Pooled effect under the chosen model (random-effects by default).

se, ci (float, tuple)

Standard error and confidence interval of the pooled effect.

p_value float

Two-sided p-value for the pooled effect being zero.

method str

"fixed" or "DL" (DerSimonian-Laird random effects).

fixed_estimate, fixed_se float

Fixed-effect pooled estimate and SE (always reported).

random_estimate, random_se float

Random-effects pooled estimate and SE (always reported).

tau2, q, q_df, q_pvalue, i2, h2 float

Between-study variance and heterogeneity statistics.

prediction_interval tuple or None

Random-effects prediction interval (where a future study's true effect is expected to lie); None when fewer than 3 studies.

weights ndarray

Per-study weights under the chosen model (normalised to sum to 1).

egger_test

egger_test() -> Dict[str, float]

Egger's regression test for funnel-plot asymmetry.

Regresses the standard normal deviate y_i / se_i on precision 1 / se_i; a non-zero intercept indicates small-study effects. Requires at least 3 studies.

forest_plot

forest_plot(ax: Any = None, **kwargs: Any) -> Any

Forest plot: per-study effects + CIs with the pooled diamond.

funnel_plot

funnel_plot(ax: Any = None, **kwargs: Any) -> Any

Funnel plot: effect size vs. standard error (precision).

wild_cluster_bootstrap

wild_cluster_bootstrap(data: DataFrame, y: str, x: List[str], cluster: str, test_var: Optional[str] = None, h0: float = 0, n_boot: int = 999, weight_type: str = 'rademacher', seed: Optional[int] = None, alpha: float = 0.05) -> Dict[str, Any]

Wild Cluster Bootstrap p-value and confidence interval.

Provides valid inference when the number of clusters is small, where conventional cluster-robust standard errors are unreliable.
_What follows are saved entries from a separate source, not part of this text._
Lemma skew_sl_congruent_cornerX A : skew_hermitian A -> A 0 0 = 0 ->
  coprimep (A 0 1) (pstar (A 0 1)) -> exists2 B, sl_congruent A B & B 0 0 = 'X.
Proof.
move=> sA a0 /Bezout_eq1_coprimepP[[u w] /= bezout]; have [_ A11 A10] := skew_mx2P sA.
set b := A 0 1 in bezout A10 *; set d := A 1 1 in A11 *.
have bezout' : pstar u * pstar b + pstar w * b = 1.
  by have := congr1 (@pstar F) bezout; rewrite rmorphD !rmorphM rmorph1 /= pstarK.
pose e := 'X - d.
have e_skew : pstar e = - e by rewrite rmorphB /= pstarX A11 /e; ring.
(* Symmetrising e = e (u b + w b^* ) gives x^* b - b^* x = e for this x. *)
pose x := (2^-1 : F)%:P * (pstar (u * e) - w * e).
pose S := mx2 x (-1) 1 0; have [S00 S01 S10 S11] := mx2E x (-1) 1 0.
exists (mxstar S *m A *m S); first by exists S; rewrite // det_mx2 S00 S01 S10 S11; ring.
rewrite mx2_congrE S00 S10 a0 A10 rmorph1 /x rmorphM rmorphB !rmorphM /=.
rewrite pstarC !pstarK e_skew -/b -/d.
have half : (2^-1 : F)%:P * 2%:R = 1 by rewrite -polyC_natr -polyCM mulVf.
transitivity ((2^-1 : F)%:P * 2%:R * e + d); last by rewrite half mul1r subrK.
transitivity ((2^-1 : F)%:P * e * ((u * b + w * pstar b) + (pstar u * pstar b + pstar w * b)) + d).
  by ring.
by rewrite bezout bezout'; ring.
Qed.

End OddCharacteristic.

Section ClosedField.
Variable F : closedFieldType.
Hypothesis two_neq0 : (2%:R : F) != 0.
Implicit Types (A : 'M[{poly F}]_2) (p : {poly F}).

Lemma closed_sqrt (k : F) : exists s, s ^+ 2 = k.
Proof.
have /closed_rootP[s] : size ('X^2 - k%:P) != 1 by rewrite size_XnsubC.
by rewrite /root !hornerE subr_eq0 => /eqP; exists s.
Qed.
Lemma ball_refl k x : ball k x x.
Proof. by rewrite /ball Nat.lxor_nilpotent; apply: vanishes_below0. Qed.

Lemma ball_sym k x y : ball k x y -> ball k y x.
Proof. by rewrite /ball Nat.lxor_comm. Qed.

Lemma ball_trans k x y z : ball k x y -> ball k y z -> ball k x z.
Proof.
by move=> Bxy Byz; rewrite /ball -(lxor_cancel_l _ (bits y)); apply: vanishes_below_lxor.
Qed.

Lemma bopen_ball k x : bopen (ball k x).
Proof. by move=> y Bxy; exists k => z; apply: ball_trans. Qed.

Lemma bopen_metric U : bopen U <->
  forall x, U x -> exists eps, Rlt 0 eps /\ forall y, Rlt (bdist x y) eps -> U y.
Proof.
split=> Uopen x Ux.
- have [k Bk] := Uopen x Ux; exists (half_pow k); split; first exact: half_pow_gt0.
  by move=> y /bnorm_lt; apply: Bk.
- have [eps [eps_gt0 Beps]] := Uopen x Ux; have [k lt_eps] := half_pow_small eps_gt0.
  by exists k => y /bnorm_le Bxy; apply: Beps; rewrite /bdist; lra.
Qed.

Lemma bopen_topology : is_topology bopen.
Proof.
split; [|split].
- by exists 0.
- move=> U V Uopen Vopen x [Ux Vx].
  have [k1 B1] := Uopen x Ux; have [k2 B2] := Vopen x Vx.
  exists (Nat.max k1 k2) => y Bxy; split; [apply: B1 | apply: B2];
    apply: vanishes_below_le Bxy; lia.
- move=> F Fopen x [U [FU Ux]]; have [k Bk] := Fopen U FU x Ux.
  by exists k => y /Bk Uy; exists U.
Qed.

Lemma bopen_hausdorff : hausdorff bopen.
Proof.
move=> x y x_neq_y.
have xy_neq0 : Nat.lxor (bits x) (bits y) <> 0.
  by move/Nat.lxor_eq_0_iff/bits_inj.
set k := S (lsb (Nat.lxor (bits x) (bits y))).
exists (ball k x), (ball k y).
split; [exact: bopen_ball | split; [exact: bopen_ball|]].
split; [exact: ball_refl | split; [exact: ball_refl|]].
move=> z Bxz Byz; have /(vanishes_below_lsb _ xy_neq0) := ball_trans Bxz (ball_sym Byz).
by rewrite /k; lia.
Qed.

Lemma bopen_top_group : is_top_group bopen.
Proof.
split; [exact: bopen_topology | split; [exact: bopen_hausdorff | split]].
- move=> x y W Wopen Wxy; have [k Bk] := Wopen _ Wxy.
  exists (ball k x), (ball k y); split; [exact: bopen_ball | split; [exact: bopen_ball|]].
  split; [exact: ball_refl | split; [exact: ball_refl|]].
  move=> a b Bxa Byb; apply: Bk.
  by rewrite /ball !bitsD lxor_swap; apply: vanishes_below_lxor.
- by []. (* negation is the identity *)
Qed.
Implements the WCR (Wild Cluster Restricted) bootstrap from Cameron, Gelbach & Miller (2008), with Rademacher weights (default) or Webb (2014) 6-point weights for very few clusters.

Parameters:

Name Type Description Default
data DataFrame

Input data.

required
y str

Outcome variable.

required
x list of str

All regressors (including the variable being tested).

required
cluster str

Cluster variable name.

required
test_var str

Variable to test. Default: last variable in x.

None
h0 float

Null hypothesis value for the test variable coefficient.

0
n_boot int

Number of bootstrap replications. Use odd number for exact p-value computation.

999
weight_type str

Bootstrap weight distribution: - 'rademacher': ±1 with equal probability. Standard choice. - 'webb': 6-point distribution from Webb (2014). Recommended when G < 12 clusters. - 'mammen': Mammen (1993) 2-point distribution.

'rademacher'
seed int

Random seed for reproducibility.

None
alpha float

Significance level for the confidence interval.

0.05

Returns:

Type Description
dict

Keys: - beta_hat: OLS point estimate of test_var - se_cluster: conventional cluster-robust SE - t_stat: t-statistic under H0 - p_boot: wild cluster bootstrap p-value (two-sided) - ci_boot: bootstrap percentile-t confidence interval - n_clusters: number of clusters - n_boot: number of replications used - weight_type: weight distribution used - recommendation: human-readable guidance

Examples:

>>> result = wild_cluster_bootstrap(
...     df, y='wage', x=['education', 'experience'],
...     cluster='state', test_var='education')
>>> print(f"Bootstrap p = {result['p_boot']:.4f}")
>>> print(f"Bootstrap CI = {result['ci_boot']}")
Notes

The WCR bootstrap imposes the null H0: β_test = h0 when generating bootstrap samples. This yields better size control than the unrestricted wild bootstrap, especially with few clusters.

For G < 12 clusters, Webb (2014) weights are recommended over Rademacher. The function will auto-warn if Rademacher is used with very few clusters.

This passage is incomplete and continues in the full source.